Exercise brief: Gather all lines in the entries below that include the word "phiminus".

Material shown:
(* Let $K\ge 1$ and let $Y,\hat Y\in[K]=\{1,\dots,K\}$, $A\in\{0,1\}$, $D\in\{0,1\}$ be jointly distributed random variables such that $\mathbb{P}(\hat Y=Y\mid D=1)=1$, and let $p_D:=\mathbb{P}(D=1)$. Assume $p^+\in(0,1)$, and that all conditional probabilities below are well-defined (all conditioning events have positive probability; in particular $p_y^+>0$ and $p_y-p_y^+>0$). Then for all $y,\hat y\in[K]$: \[ \Delta\mathrm{s.p.}(\hat y)=\frac{p_D}{p^+(1-p^+)}\Bigl(\varphi^+_{\hat y}(p^+-q^+)-(q_{\hat y}p^+-q^+_{\hat y})\Bigr)+\Delta\mathrm{s.p.}(\hat y\mid D=0)\Bigl(1-p_D\frac{1-q^+}{1-p^+}\Bigr), \] \[ \Delta\mathrm{eq.opp.}(y)=\frac{p_D}{p_y^+(p_y-p_y^+)}\bigl(C^+_{y,y}-1\bigr)(q_yp_y^+-p_yq_y^+)+\Delta\mathrm{eq.opp.}(y\mid D=0)\Bigl(1-p_D\frac{q_y-q_y^+}{p_y-p_y^+}\Bigr), \] \[ \Delta\mathrm{eq.odds}(y,\hat y)=\frac{p_D}{p_y^+(p_y-p_y^+)}\bigl(C^+_{y,\hat y}-\mathbb{1}\{y=\hat y\}\bigr)(q_yp_y^+-p_yq_y^+)+\Delta\mathrm{eq.odds}(y,\hat y\mid D=0)\Bigl(1-p_D\frac{q_y-q_y^+}{p_y-p_y^+}\Bigr). \]
   Context: Notation: $p^+=\mathbb{P}(A=1)$, $q^+=\mathbb{P}(A=1\mid D=1)$, $p_y=\mathbb{P}(Y=y)$, $q_y=\mathbb{P}(Y=y\mid D=1)$, $p_y^+=\mathbb{P}(Y=y,A=1)$, $q_y^+=\mathbb{P}(Y=y,A=1\mid D=1)$ (so $q^+=\sum_y q_y^+$). Base-classifier quantities: $\varphi_y^{+}=\mathbb{P}(\hat Y=y\mid D=0,A=1)$, $\varphi_y^-=\mathbb{P}(\hat Y=y\mid D=0,A=0)$, $C^+_{y,\hat y}=\mathbb{P}(\hat Y=\hat y\mid D=0,Y=y,A=1)$, $C^-_{y,\hat y}=\mathbb{P}(\hat Y=\hat y\mid D=0,Y=y,A=0)$. Fairness gaps: $\Delta\mathrm{s.p.}(\hat y)=\mathbb{P}(\hat Y=\hat y\mid A=1)-\mathbb{P}(\hat Y=\hat y\mid A=0)$; $\Delta\mathrm{s.p.}(\hat y\mid D=0)=\mathbb{P}(\hat Y=\hat y\mid A=1,D=0)-\mathbb{P}(\hat Y=\hat y\mid A=0,D=0)=\varphi^+_{\hat y}-\varphi^-_{\hat y}$; $\Delta\mathrm{eq.odds}(y,\hat y)=\mathbb{P}(\hat Y=\hat y\mid A=1,Y=y)-\mathbb{P}(\hat Y=\hat y\mid A=0,Y=y)$; $\Delta\mathrm{eq.odds}(y,\hat y\mid D=0)$ is the same with $D=0$ added to both conditionings, equal to $C^+_{y,\hat y}-C^-_{y,\hat y}$; $\Delta\mathrm{eq.opp.}(y)=\Delta\mathrm{eq.odds}(y,y)$ and $\Delta\mathrm{eq.opp.}(y\mid D=0)=\Delta\mathrm{eq.odds}(y,y\mid D=0)$. *)

From mathcomp Require Import all_boot all_order all_algebra.
Set Implicit Arguments. Unset Strict Implicit. Unset Printing Implicit Defensive.
Import Order.TTheory GRing.Theory Num.Theory.
Local Open Scope ring_scope.

Definition is_prob (R : realFieldType) (Omega : finType) (P : Omega -> R) :=
  (forall w, 0 <= P w) /\ \sum_(w : Omega) P w = 1.

Definition Pr (R : realFieldType) (Omega : finType) (P : Omega -> R)
  (E : pred Omega) : R := \sum_(w : Omega | E w) P w.

Definition cPr (R : realFieldType) (Omega : finType) (P : Omega -> R)
  (E F : pred Omega) : R := Pr P (predI E F) / Pr P F.

Section Fair.
Variables (R : realFieldType) (Omega : finType) (P : Omega -> R) (K : nat)
  (Y Yh : Omega -> 'I_K) (A D : Omega -> bool).

Definition dsp (yh : 'I_K) : R :=
  cPr P (fun w => Yh w == yh) (fun w => A w)
  - cPr P (fun w => Yh w == yh) (fun w => ~~ A w).

Definition dsp0 (yh : 'I_K) : R :=
  cPr P (fun w => Yh w == yh) (fun w => A w && ~~ D w)
  - cPr P (fun w => Yh w == yh) (fun w => ~~ A w && ~~ D w).

Definition deqodds (y yh : 'I_K) : R :=
  cPr P (fun w => Yh w == yh) (fun w => A w && (Y w == y))
  - cPr P (fun w => Yh w == yh) (fun w => ~~ A w && (Y w == y)).

Definition deqodds0 (y yh : 'I_K) : R :=
  cPr P (fun w => Yh w == yh) (fun w => [&& A w, Y w == y & ~~ D w])
  - cPr P (fun w => Yh w == yh) (fun w => [&& ~~ A w, Y w == y & ~~ D w]).

Definition deqopp (y : 'I_K) : R := deqodds y y.
Definition deqopp0 (y : 'I_K) : R := deqodds0 y y.

Definition pD : R := Pr P (fun w => D w).
Definition pplus : R := Pr P (fun w => A w).
Definition qplus : R := cPr P (fun w => A w) (fun w => D w).
Definition p_ (y : 'I_K) : R := Pr P (fun w => Y w == y).
Definition q_ (y : 'I_K) : R := cPr P (fun w => Y w == y) (fun w => D w).
Definition pplus_ (y : 'I_K) : R := Pr P (fun w => (Y w == y) && A w).
Definition qplus_ (y : 'I_K) : R :=
  cPr P (fun w => (Y w == y) && A w) (fun w => D w).
Definition phiplus (yh : 'I_K) : R :=
  cPr P (fun w => Yh w == yh) (fun w => ~~ D w && A w).
Definition phiminus (yh : 'I_K) : R :=
  cPr P (fun w => Yh w == yh) (fun w => ~~ D w && ~~ A w).
Definition Cplus (y yh : 'I_K) : R :=
  cPr P (fun w => Yh w == yh) (fun w => [&& ~~ D w, Y w == y & A w]).
Definition Cminus (y yh : 'I_K) : R :=
  cPr P (fun w => Yh w == yh) (fun w => [&& ~~ D w, Y w == y & ~~ A w]).

End Fair.

(* Split every event along D.  On D = 1 the prediction equals the label
   almost surely, so the D = 1 part of P(Yh = yh, G) is p_D times a label
   frequency among D = 1, while the D = 0 part is the base-classifier rate
   P(Yh = yh | D = 0, G) times P(G, D = 0) = P(G) - p_D P(G | D = 1).  Each
   group-conditional rate is thereby a mixture of the two, and subtracting the
   mixtures of the two groups leaves the D = 0 gap, reweighted by the D = 0
   share of the second group, plus a bias term coming from the D = 1 part. *)

From mathcomp Require Import all_boot all_order all_algebra ring.
Import Order.TTheory GRing.Theory Num.Theory.
Set Implicit Arguments. Unset Strict Implicit. Unset Printing Implicit Defensive.
Local Open Scope ring_scope.

Section ConditionalProbability.
Variables (R : realFieldType) (Omega : finType) (P : Omega -> R).
Implicit Types E F G T D : pred Omega.

Lemma eq_Pr_supp {E F} : (forall w, P w != 0 -> E w = F w) -> Pr P E = Pr P F.
Proof.
move=> EF; rewrite /Pr [LHS]big_mkcond [RHS]big_mkcond; apply: eq_bigr => w _.
by have [->|/EF ->] := eqVneq (P w) 0; rewrite ?if_same.
Qed.

Lemma eq_cPr_supp E E' F F' :
    (forall w, P w != 0 -> F w -> E w = E' w) ->
    (forall w, P w != 0 -> F w = F' w) ->
  cPr P E F = cPr P E' F'.
Proof.
move=> EE' FF'; rewrite /cPr (eq_Pr_supp FF'); congr (_ / _).
apply: eq_Pr_supp => w Pw /=; rewrite -FF' //.
by case/boolP: (F w) => Fw; rewrite ?andbF ?EE'.
Qed.

Lemma Pr_split E G : Pr P E = Pr P (predI E G) + Pr P (predI E (predC G)).
Proof. by rewrite /Pr (bigID G). Qed.

Lemma cPr_split E F G :
  cPr P E F = cPr P (predI E G) F + cPr P (predI E (predC G)) F.
Proof.
rewrite /cPr -mulrDl (Pr_split _ G); congr ((_ + _) / _);
  by apply: eq_Pr_supp => w _ /=; rewrite andbAC.
Qed.

Lemma Pr_predC E : is_prob P -> Pr P (predC E) = 1 - Pr P E.
Proof. by case=> _ P1; rewrite -P1 (bigID E) /= addrC addrK. Qed.

Lemma cPr_predC E F : Pr P F != 0 -> cPr P (predC E) F = 1 - cPr P E F.
Proof.
move=> F0; rewrite /cPr -[1](divff F0) -mulrBl; congr (_ / _).
have -> : Pr P (predI E F) = Pr P (predI F E).
  by apply: eq_Pr_supp => w _ /=; rewrite andbC.
by rewrite {1}(Pr_split F E) addrC addKr; apply: eq_Pr_supp => w _ /=; rewrite andbC.
Qed.

Lemma product_rule E F : Pr P F != 0 -> cPr P E F * Pr P F = Pr P (predI E F).
Proof. by move=> F0; rewrite /cPr divfK. Qed.

Lemma cPr_eq1_supp E F : (forall w, 0 <= P w) -> Pr P F != 0 -> cPr P E F = 1 ->
  forall w, P w != 0 -> F w -> E w.
Proof.
move=> P_ge0 F0 EF1 w Pw Fw; apply: contraNT Pw => nEw.
have EF : Pr P (predI E F) = Pr P F by rewrite -product_rule // EF1 mul1r.
have nEF0 : Pr P (predI F (predC E)) = 0.
  apply: (addrI (Pr P (predI F E))); rewrite addr0 -Pr_split -EF.
  by apply: eq_Pr_supp => v _ /=; rewrite andbC.
by apply/eqP; apply: (psumr_eq0P _ nEF0); rewrite /= ?Fw.
Qed.

(* No hypothesis on [Pr P G] is needed: if it vanishes, both sides are [x / 0 = 0]. *)
Lemma cPr_total T G D : Pr P D != 0 -> Pr P (predI (predC D) G) != 0 ->
  cPr P T G = (Pr P D * cPr P (predI T G) D
               + cPr P T (predI (predC D) G) * (Pr P G - Pr P D * cPr P G D)) / Pr P G.
Proof.
move=> D0 nDG0; rewrite ![Pr P D * _]mulrC !product_rule //.
have -> : Pr P G - Pr P (predI G D) = Pr P (predI (predC D) G).
  rewrite (Pr_split G D) addrAC subrr add0r.
  by apply: eq_Pr_supp => w _ /=; rewrite andbC.
rewrite product_rule // /cPr (Pr_split (predI T G) D); congr ((_ + _) / _).
by apply: eq_Pr_supp => w _ /=; rewrite -andbA [G w && _]andbC.
Qed.

Lemma cPr_eq_and_eq (T : eqType) (X : Omega -> T) (a b : T) G F :
  cPr P (fun w => (X w == a) && ((X w == b) && G w)) F
  = (b == a)%:R * cPr P (fun w => (X w == b) && G w) F.
Proof.
have [<-|ba] := eqVneq b a; rewrite ?mul1r ?mul0r.
  by apply: eq_cPr_supp => // w _; rewrite andbA andbb.
rewrite /cPr /Pr big_pred0 ?mul0r // => w /=.
by case: eqP => // ->; rewrite eq_sym (negbTE ba).
Qed.

Lemma mixture_gap (pD m1 m2 a1 a2 t1 t2 f1 f2 : R) : m1 != 0 -> m2 != 0 ->
  (pD * t1 + f1 * (m1 - pD * a1)) / m1 - (pD * t2 + f2 * (m2 - pD * a2)) / m2
  = pD / (m1 * m2) * (t1 * m2 - t2 * m1 + f1 * (a2 * m1 - a1 * m2))
    + (f1 - f2) * (1 - pD * (a2 / m2)).
Proof. by move=> m1_neq0 m2_neq0; field; rewrite m1_neq0 m2_neq0. Qed.

End ConditionalProbability.

Section CoupledClassifier.
Variables (R : realFieldType) (Omega : finType) (P : Omega -> R) (K : nat)
  (Y Yh : Omega -> 'I_K) (A D : Omega -> bool).
Hypothesis P_prob : is_prob P.
Hypothesis Yh_eq_Y : forall w, P w != 0 -> D w -> Yh w = Y w.
Hypothesis pD_neq0 : pD P D != 0.

Lemma cPr_Yh_total (G : pred Omega) yh : Pr P (fun w => ~~ D w && G w) != 0 ->
  cPr P (fun w => Yh w == yh) G
  = (pD P D * cPr P (fun w => (Y w == yh) && G w) (fun w => D w)
     + cPr P (fun w => Yh w == yh) (fun w => ~~ D w && G w)
       * (Pr P G - pD P D * cPr P G (fun w => D w))) / Pr P G.
Proof.
move=> nDG0; rewrite (cPr_total _ (D := fun w => D w)) //.
by congr ((_ * _ + _) / _); apply: eq_cPr_supp => // w Pw /= /(Yh_eq_Y Pw) ->.
Qed.

Lemma Pr_Y_notA y :
  Pr P (fun w => (Y w == y) && ~~ A w) = p_ P Y y - pplus_ P Y A y.
Proof. by rewrite /p_ [in RHS](Pr_split _ _ (fun w => A w)) addrC addKr. Qed.

Lemma cPr_Y_notA y :
  cPr P (fun w => (Y w == y) && ~~ A w) (fun w => D w)
  = q_ P Y D y - qplus_ P Y A D y.
Proof. by rewrite /q_ [in RHS](cPr_split _ _ _ (fun w => A w)) addrC addKr. Qed.

Lemma cPr_Yh_A yh : Pr P (fun w => ~~ D w && A w) != 0 ->
  cPr P (fun w => Yh w == yh) (fun w => A w)
  = (pD P D * qplus_ P Y A D yh
     + phiplus P Yh A D yh * (pplus P A - pD P D * qplus P A D)) / pplus P A.
Proof. exact: cPr_Yh_total. Qed.

Lemma cPr_Yh_notA yh : Pr P (fun w => ~~ D w && ~~ A w) != 0 ->
  cPr P (fun w => Yh w == yh) (fun w => ~~ A w)
  = (pD P D * (q_ P Y D yh - qplus_ P Y A D yh)
     + phiminus P Yh A D yh * ((1 - pplus P A) - pD P D * (1 - qplus P A D)))
    / (1 - pplus P A).
Proof.
move=> nDnA0; rewrite cPr_Yh_total // cPr_Y_notA.
by rewrite (Pr_predC (fun w => A w)) // (cPr_predC (fun w => A w)).
Qed.

Lemma cPr_Yh_AY y yh : Pr P (fun w => [&& ~~ D w, Y w == y & A w]) != 0 ->
  cPr P (fun w => Yh w == yh) (fun w => (Y w == y) && A w)
  = (pD P D * ((y == yh)%:R * qplus_ P Y A D y)
     + Cplus P Y Yh A D y yh * (pplus_ P Y A y - pD P D * qplus_ P Y A D y))
    / pplus_ P Y A y.
Proof. by move=> nDYA0; rewrite cPr_Yh_total // cPr_eq_and_eq. Qed.

Lemma cPr_Yh_notAY y yh : Pr P (fun w => [&& ~~ D w, Y w == y & ~~ A w]) != 0 ->
  cPr P (fun w => Yh w == yh) (fun w => (Y w == y) && ~~ A w)
  = (pD P D * ((y == yh)%:R * (q_ P Y D y - qplus_ P Y A D y))
     + Cminus P Y Yh A D y yh
       * ((p_ P Y y - pplus_ P Y A y) - pD P D * (q_ P Y D y - qplus_ P Y A D y)))
    / (p_ P Y y - pplus_ P Y A y).
Proof.
by move=> nDYnA0; rewrite cPr_Yh_total // cPr_eq_and_eq cPr_Y_notA Pr_Y_notA.
Qed.

Lemma dsp0E yh : dsp0 P Yh A D yh = phiplus P Yh A D yh - phiminus P Yh A D yh.
Proof. by congr (_ - _); apply: eq_cPr_supp => // w _; rewrite andbC. Qed.

Lemma deqodds0E y yh :
  deqodds0 P Y Yh A D y yh = Cplus P Y Yh A D y yh - Cminus P Y Yh A D y yh.
Proof.
by congr (_ - _); apply: eq_cPr_supp => // w _ /=; case: (A w); case: (D w);
  rewrite ?andbF.
Qed.

Lemma dsp_decomposition yh : pplus P A != 0 -> 1 - pplus P A != 0 ->
    Pr P (fun w => ~~ D w && A w) != 0 -> Pr P (fun w => ~~ D w && ~~ A w) != 0 ->
  dsp P Yh A yh
  = pD P D / (pplus P A * (1 - pplus P A))
      * (phiplus P Yh A D yh * (pplus P A - qplus P A D)
         - (q_ P Y D yh * pplus P A - qplus_ P Y A D yh))
    + dsp0 P Yh A D yh * (1 - pD P D * ((1 - qplus P A D) / (1 - pplus P A))).
Proof.
move=> pA0 pnA0 nDA0 nDnA0.
rewrite /dsp cPr_Yh_A // cPr_Yh_notA // mixture_gap // dsp0E.
by congr (_ * _ + _); ring.
Qed.

Lemma deqodds_decomposition y yh :
    pplus_ P Y A y != 0 -> p_ P Y y - pplus_ P Y A y != 0 ->
    Pr P (fun w => [&& ~~ D w, Y w == y & A w]) != 0 ->
    Pr P (fun w => [&& ~~ D w, Y w == y & ~~ A w]) != 0 ->
  deqodds P Y Yh A y yh
  = pD P D / (pplus_ P Y A y * (p_ P Y y - pplus_ P Y A y))
      * (Cplus P Y Yh A D y yh - (y == yh)%:R)
      * (q_ P Y D y * pplus_ P Y A y - p_ P Y y * qplus_ P Y A D y)
    + deqodds0 P Y Yh A D y yh
      * (1 - pD P D * ((q_ P Y D y - qplus_ P Y A D y) / (p_ P Y y - pplus_ P Y A y))).
Proof.
move=> pYA0 pYnA0 nDYA0 nDYnA0.
have cond_andC (B : pred Omega) :
    cPr P (fun w => Yh w == yh) (fun w => B w && (Y w == y))
    = cPr P (fun w => Yh w == yh) (fun w => (Y w == y) && B w).
  by apply: eq_cPr_supp => // w _; rewrite andbC.
rewrite /deqodds !cond_andC cPr_Yh_AY // cPr_Yh_notAY // mixture_gap // deqodds0E.
by congr (_ + _); ring.
Qed.

End CoupledClassifier.

Theorem theorem8 (R : realFieldType) (Omega : finType) (P : Omega -> R)
  (K : nat) (Y Yh : Omega -> 'I_K) (A D : Omega -> bool) :
  (1 <= K)%N ->
  is_prob P ->
  cPr P (fun w => Yh w == Y w) (fun w => D w) = 1 ->
  0 < pplus P A -> pplus P A < 1 ->
  (* all conditioning events have positive probability *)
  0 < Pr P (fun w => D w) ->
  0 < Pr P (fun w => ~~ D w && A w) ->
  0 < Pr P (fun w => ~~ D w && ~~ A w) ->
  (forall y, 0 < Pr P (fun w => (Y w == y) && A w)) ->
  (forall y, 0 < Pr P (fun w => (Y w == y) && ~~ A w)) ->
  (forall y, 0 < Pr P (fun w => [&& ~~ D w, Y w == y & A w])) ->
  (forall y, 0 < Pr P (fun w => [&& ~~ D w, Y w == y & ~~ A w])) ->
  forall y yh : 'I_K,
    let pD := pD P D in
    let pp := pplus P A in
    let qp := qplus P A D in
    [/\ dsp P Yh A yh =
          pD / (pp * (1 - pp)) *
            (phiplus P Yh A D yh * (pp - qp) - (q_ P Y D yh * pp - qplus_ P Y A D yh))
          + dsp0 P Yh A D yh * (1 - pD * ((1 - qp) / (1 - pp))),
        deqopp P Y Yh A y =
          pD / (pplus_ P Y A y * (p_ P Y y - pplus_ P Y A y)) *
            (Cplus P Y Yh A D y y - 1) *
            (q_ P Y D y * pplus_ P Y A y - p_ P Y y * qplus_ P Y A D y)
          + deqopp0 P Y Yh A D y *
            (1 - pD * ((q_ P Y D y - qplus_ P Y A D y) / (p_ P Y y - pplus_ P Y A y)))
      & deqodds P Y Yh A y yh =
          pD / (pplus_ P Y A y * (p_ P Y y - pplus_ P Y A y)) *
            (Cplus P Y Yh A D y yh - (y == yh)%:R) *
            (q_ P Y D y * pplus_ P Y A y - p_ P Y y * qplus_ P Y A D y)
          + deqodds0 P Y Yh A D y yh *
            (1 - pD * ((q_ P Y D y - qplus_ P Y A D y) / (p_ P Y y - pplus_ P Y A y)))].
Proof.
move=> _ P_prob Yh_Y pA_gt0 pA_lt1 pD_gt0 nDA_gt0 nDnA_gt0 YA_gt0 YnA_gt0
  nDYA_gt0 nDYnA_gt0 y yh.
have pD_neq0 := lt0r_neq0 pD_gt0.
have Yh_eq_Y w : P w != 0 -> D w -> Yh w = Y w.
  by move=> Pw Dw; apply/eqP; apply: (cPr_eq1_supp _ pD_neq0 Yh_Y Pw Dw); case: P_prob.
have pnA_neq0 : 1 - pplus P A != 0 by rewrite subr_eq0 eq_sym lt_eqF.
have pYnA_neq0 : p_ P Y y - pplus_ P Y A y != 0 by rewrite -Pr_Y_notA lt0r_neq0.
have eqodds z := deqodds_decomposition Yh_eq_Y pD_neq0 z (lt0r_neq0 (YA_gt0 y))
  pYnA_neq0 (lt0r_neq0 (nDYA_gt0 y)) (lt0r_neq0 (nDYnA_gt0 y)).
split.
- by apply: dsp_decomposition; rewrite // lt0r_neq0.
- by rewrite /deqopp /deqopp0 eqodds eqxx.
- exact: eqodds.
Qed.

The answer:
Definition phiminus (yh : 'I_K) : R :=
     + phiminus P Yh A D yh * ((1 - pplus P A) - pD P D * (1 - qplus P A D)))
Lemma dsp0E yh : dsp0 P Yh A D yh = phiplus P Yh A D yh - phiminus P Yh A D yh.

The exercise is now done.